[Data excerpts]

Section Amplification.
Variables (d : nat) (rho sigma : 'M[CC]_d).
Hypotheses (rho_state : density rho) (sigma_state : density sigma).

Definition achievable N x y :=
  exists T, test_errors (tpow rho N) (tpow sigma N) T x y.

Lemma achievable_and N M x1 y1 x2 y2 :
  achievable N x1 y1 -> achievable M x2 y2 ->
  achievable (N + M) (1 - (1 - x1) * (1 - x2)) (y1 * y2).
Proof.
move=> [T1 err1] [T2 err2]; eexists; rewrite !tpowD.
apply/test_errors_castmx/(test_errors_and _ _ err1 err2);
  exact: mxtrace_tpow_density.
Qed.

Lemma achievable_or N M x1 y1 x2 y2 :
  achievable N x1 y1 -> achievable M x2 y2 ->
  achievable (N + M) (x1 * x2) (1 - (1 - y1) * (1 - y2)).
Proof.
move=> [T1 err1] [T2 err2]; eexists; rewrite !tpowD.
apply/test_errors_castmx/(test_errors_or _ _ err1 err2);
  exact: mxtrace_tpow_density.
Qed.

Lemma achievable_round N x y : achievable N x y ->
  achievable (4 * N) (round_type1 x) (round_type2 y).
Proof.
move=> ach; rewrite /round_type1 /round_type2 !expr2.
have -> : (4 * N = N + N + (N + N))%N by rewrite !mulSn mul0n addn0 addnA.
exact: achievable_or (achievable_and ach ach) (achievable_and ach ach).
Qed.

Lemma achievable_amplify N x y : 0 <= x <= 1 / 4 -> 0 <= y <= 1 / 4 ->
  achievable N x y ->
  exists x' y', [/\ achievable (64 * N) x' y', x' <= x / 2 & y' <= y / 2].
Proof.
move=> x_range y_range /achievable_round/achievable_round/achievable_round ach.
exists (round_type1 (round_type1 (round_type1 x))).
exists (round_type2 (round_type2 (round_type2 y))); split.
- by rewrite (_ : 64 * N = 4 * (4 * (4 * N)))%N // !mulnA.
- exact: iter3_contract round_type1_contract x x_range.
- exact: iter3_contract round_type2_contract y y_range.
Qed.

Lemma ge0_complex_real (z : CC) : 0 <= z -> exists2 r : RR, z = r%:C & 0 <= r.
Proof.
move=> z_ge0; have /complex_realP [r rE] := ger0_real z_ge0.
by exists r; rewrite // -ler0c -rE.
Qed.

Lemma feasible_achievable N a b :
  feasible_test (tpow rho N) (tpow sigma N) a b ->
  exists x y, [/\ achievable N x y, 0 <= x <= a & 0 <= y <= b].
Proof.
move=> [T [psdT [psdT' [err1 err2]]]].
have [x ex x_ge0] :=
  ge0_complex_real (mxtrace_mul_psd_ge0 (psd_tpow N rho_state.1) psdT').
have [y ey y_ge0] :=
  ge0_complex_real (mxtrace_mul_psd_ge0 (psd_tpow N sigma_state.1) psdT).
exists x, y; split; first by exists T; split.
- by rewrite x_ge0 -lecR -ex.
- by rewrite y_ge0 -lecR -ey.
Qed.

Lemma achievable_feasible N x y a b : achievable N x y -> x <= a -> y <= b ->
  feasible_test (tpow rho N) (tpow sigma N) a b.
Proof.
by move=> [T [psdT psdT' ex ey]] x_le y_le; exists T; rewrite ex ey !lecR.
Qed.

Lemma feasible_test_amplify N a b : a <= 1 / 4 -> b <= 1 / 4 ->
  feasible_test (tpow rho N) (tpow sigma N) a b ->
  feasible_test (tpow rho (64 * N)) (tpow sigma (64 * N)) (a / 2) (b / 2).
Proof.
move=> a_le b_le /feasible_achievable [x [y [ach /andP [x_ge0 x_le]]]].
move=> /andP [y_ge0 y_le].
have [||x' [y' [ach' x'_le y'_le]]] := achievable_amplify _ _ ach.
- by rewrite x_ge0 (le_trans x_le).
- by rewrite y_ge0 (le_trans y_le).
by apply: achievable_feasible ach' _ _; lra.
Qed.

End Amplification.

Section NatInf.
Local Open Scope classical_set_scope.
Local Open Scope ereal_scope.

Lemma nat_inf_le (P : nat -> Prop) n : P n -> nat_inf P <= (n%:R : RR)%:E.
Proof. by move=> Pn; apply: ge_ereal_inf; exists (n%:R : RR)%:E => //; exists n. Qed.

Lemma nat_inf_ge0 (P : nat -> Prop) : 0 <= nat_inf P.
Proof. by apply: le_ereal_inf_tmp => _ [n _ <-]; rewrite lee_fin ler0n. Qed.

Lemma nat_inf_attained (P : nat -> Prop) : (exists n, P n) ->
  exists2 n, P n & nat_inf P = (n%:R : RR)%:E.
Proof.
move=> [n0 Pn0].
have [|n /asboolP Pn n_min] := ex_minnP (P := fun n => `[< P n >]).
  by exists n0; apply/asboolP.
exists n => //; apply/eqP; rewrite eq_le nat_inf_le //=.
apply: le_ereal_inf_tmp => _ [k Pk <-].
by rewrite lee_fin ler_nat; apply: n_min; apply/asboolP.
Qed.

Lemma nat_inf_empty (P : nat -> Prop) : ~ (exists n, P n) -> nat_inf P = +oo.
Proof.
move=> noP; rewrite /nat_inf (_ : [set n | P n] = set0) ?image_set0 ?ereal_inf0 //.
by apply/seteqP; split => n //= Pn; apply: noP; exists n.
Qed.

Lemma nat_inf_le_mul (P Q : nat -> Prop) k : (0 < k)%N ->
  (forall n, P n -> Q (k * n)%N) -> nat_inf Q <= (k%:R : RR)%:E * nat_inf P.
Proof.
move=> k_gt0 PQ; have [[n Pn] | noP] := pselect (exists n, P n).
  have [m Pm ->] := nat_inf_attained (ex_intro _ n Pn).
  by rewrite -EFinM -natrM; apply/nat_inf_le/PQ.
by rewrite (nat_inf_empty noP) gt0_muley ?leey // lte_fin ltr0n.
Qed.

End NatInf.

Required work
Scan the lines above for the word "Open". Return each one that has it.

Written reply
Local Open Scope classical_set_scope.
Local Open Scope ereal_scope.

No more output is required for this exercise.